Alexey Kardashevskiy Feb. 18, 2025, 11:09 a.m. UTC

CoCo VMs get their private memory allocated from guest_memfd
("gmemfd") which is a KVM facility similar to memfd.
At the moment gmemfds cannot mmap() so the usual GUP API does
not work on these as expected.

Use the existing IOMMU_IOAS_MAP_FILE API to allow mapping from
fd + offset. Detect the gmemfd case in pfn_reader_user_pin() and
simplified mapping.

The long term plan is to ditch this workaround and follow
the usual memfd path.

Signed-off-by: Alexey Kardashevskiy <aik@amd.com>
---
 drivers/iommu/iommufd/pages.c | 88 +++++++++++++++++++-
 1 file changed, 87 insertions(+), 1 deletion(-)

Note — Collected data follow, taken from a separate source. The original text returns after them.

(* Let $\mathcal{P}$ be a uniformly induced Lubell-bounded poset other than $\mathcal{C}_1$. Then $\mathrm{RR}(\vee_2:\mathcal{P})=2e(\mathcal{P})+1$.
   Context: $\mathcal{B}_n$ denotes the Boolean lattice of all subsets of $[n]$ ordered by inclusion; its $k$-th level is $\binom{[n]}{k}$, the family of $k$-element subsets. An induced copy of a poset $\mathcal{P}$ in a poset $\mathcal{Q}$ is the image of an injection $f:\mathcal{P}\to\mathcal{Q}$ with $f(X)\le f(Y)$ iff $X\le Y$; a family is induced $\mathcal{P}$-free if it contains no induced copy of $\mathcal{P}$. $\mathcal{C}_1$ is the one-element poset. $\vee_2$ is the poset on $X_0,X_1,X_2$ with $X_0<X_1$, $X_0<X_2$, $X_1,X_2$ incomparable. $e(\mathcal{P})$ is the largest integer $m$ such that for every $n$, the union of any $m$ consecutive levels of $\mathcal{B}_n$ is induced $\mathcal{P}$-free. For $\mathcal{F}\subseteq\mathcal{B}_n$, $\mathrm{lu}_n(\mathcal{F})=\sum_{F\in\mathcal{F}}\binom{n}{|F|}^{-1}$, and $\mathrm{Lu}_n(\mathcal{P})$ is the maximum of $\mathrm{lu}_n(\mathcal{F})$ over induced $\mathcal{P}$-free $\mathcal{F}\subseteq\mathcal{B}_n$. $\mathcal{P}$ is uniformly induced Lubell-bounded if $e(\mathcal{P})\ge \mathrm{Lu}_n(\mathcal{P})$ for all positive integers $n$. Monochromatic: all sets share a color; rainbow: pairwise distinct colors. $\mathrm{RR}(\mathcal{Q}:\mathcal{P})$ is the smallest $n$ such that every coloring (with any number of colors) of the sets of $\mathcal{B}_n$ contains a rainbow induced copy of $\mathcal{Q}$ or a monochromatic induced copy of $\mathcal{P}$. *)

From HB Require Import structures.
From mathcomp Require Import all_boot all_order all_algebra.
Set Implicit Arguments. Unset Strict Implicit. Unset Printing Implicit Defensive.
Import Order.TTheory GRing.Theory Num.Theory.
(* Let $\Theta$ be a compact subset of $(0,1/2)\times(\mathbb{R}^2\setminus\Delta)$, $\Delta=\{(x,x):x\in\mathbb{R}\}$, and let $P<1/2$ be such that $p\le P$ for all $(p,\alpha,\beta)\in\Theta$. Let $X_1,\dots,X_n$ be real numbers. For $\theta=(p,\alpha,\beta)\in\Theta$, $u\in\mathbb{R}$, let $M(\theta,u)=pe^{iu\alpha}+(1-p)e^{iu\beta}$ and $$Z_k(\theta,u)=\frac{e^{iuX_k}}{M(\theta,u)}-\frac{e^{-iuX_k}}{M(\theta,-u)},$$ with $\dot Z_k$ and $\ddot Z_k$ its gradient and Hessian with respect to $\theta$. Then there is an absolute constant $C>0$ such that for all $u\in\mathbb{R}$, all $\theta,\theta'\in\Theta$ and all $k\in\{1,\dots,n\}$: 1. $\|\dot Z_k(\theta,u)-\dot Z_k(\theta',u)\|\le\|\theta-\theta'\|\cdot\frac{C(1+|u|+u^2)}{(1-2P)^3}$; 2. $\|\ddot Z_k(\theta,u)-\ddot Z_k(\theta',u)\|_2\le\|\theta-\theta'\|\cdot\frac{C(1+|u|+u^2+|u|^3)}{(1-2P)^4}$.
   Context: $\|v\|$ is the Euclidean (Hermitian) norm of a vector and $\|A\|_2^2=\mathrm{tr}(A^\top A)$ for a matrix $A$. *)

From mathcomp Require Import all_boot all_order all_algebra.
From mathcomp Require Import all_classical all_reals all_analysis.
From mathcomp Require Import complex.
Import Order.TTheory GRing.Theory Num.Theory.
Import numFieldNormedType.Exports.
Local Open Scope ring_scope.
Local Open Scope complex_scope.

Definition ip {R : realType} (th : 'rV[R]_3) : R := th 0 0.
Definition ialpha {R : realType} (th : 'rV[R]_3) : R := th 0 1.
Definition ibeta {R : realType} (th : 'rV[R]_3) : R := th 0 2.

Definition expi {R : realType} (t : R) : R[i] := cos t +i* sin t.

Definition RtoC {R : realType} (x : R) : R[i] := x +i* 0.

Definition Mth {R : realType} (th : 'rV[R]_3) (u : R) : R[i] :=
  RtoC (ip th) * expi (u * ialpha th) + RtoC (1 - ip th) * expi (u * ibeta th).

Definition Zfun {R : realType} (x : R) (th : 'rV[R]_3) (u : R) : R[i] :=
  expi (u * x) / Mth th u - expi (- u * x) / Mth th (- u).

Definition pderiv {R : realType} (i : 'I_3) (f : 'rV[R]_3 -> R[i]) (th : 'rV[R]_3) : R[i] :=
  ('D_('e_i) (fun t => complex.Re (f t)) th) +i* ('D_('e_i) (fun t => complex.Im (f t)) th).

Jason Gunthorpe Feb. 18, 2025, 2:16 p.m. UTC | #1

On Tue, Feb 18, 2025 at 10:09:59PM +1100, Alexey Kardashevskiy wrote:
> CoCo VMs get their private memory allocated from guest_memfd
> ("gmemfd") which is a KVM facility similar to memfd.
> At the moment gmemfds cannot mmap() so the usual GUP API does
> not work on these as expected.
> 
> Use the existing IOMMU_IOAS_MAP_FILE API to allow mapping from
> fd + offset. Detect the gmemfd case in pfn_reader_user_pin() and
> simplified mapping.
> 
> The long term plan is to ditch this workaround and follow
> the usual memfd path.

How is that possible though?

> +static struct folio *guest_memfd_get_pfn(struct file *file, unsigned long index,
> +					 unsigned long *pfn, int *max_order)
> +{
> +	struct folio *folio;
> +	int ret = 0;
> +
> +	folio = filemap_grab_folio(file_inode(file)->i_mapping, index);
> +
> +	if (IS_ERR(folio))
> +		return folio;
> +
> +	if (folio_test_hwpoison(folio)) {
> +		folio_unlock(folio);
> +		folio_put(folio);
> +		return ERR_PTR(-EHWPOISON);
> +	}
> +
> +	*pfn = folio_pfn(folio) + (index & (folio_nr_pages(folio) - 1));
> +	if (!max_order)
> +		goto unlock_exit;
> +
> +	/* Refs for unpin_user_page_range_dirty_lock->gup_put_folio(FOLL_PIN) */
> +	ret = folio_add_pins(folio, 1);
> +	folio_put(folio); /* Drop ref from filemap_grab_folio */
> +
> +unlock_exit:
> +	folio_unlock(folio);
> +	if (ret)
> +		folio = ERR_PTR(ret);
> +
> +	return folio;
> +}

Connecting iommufd to guestmemfd through the FD is broadly the right
idea, but I'm not sure this matches the design of guestmemfd regarding
pinnability. IIRC they were adamant that the pages would not be
pinned..

folio_add_pins() just prevents the folio from being freed, it doesn't
prevent the guestmemfd code from messing with the filemap.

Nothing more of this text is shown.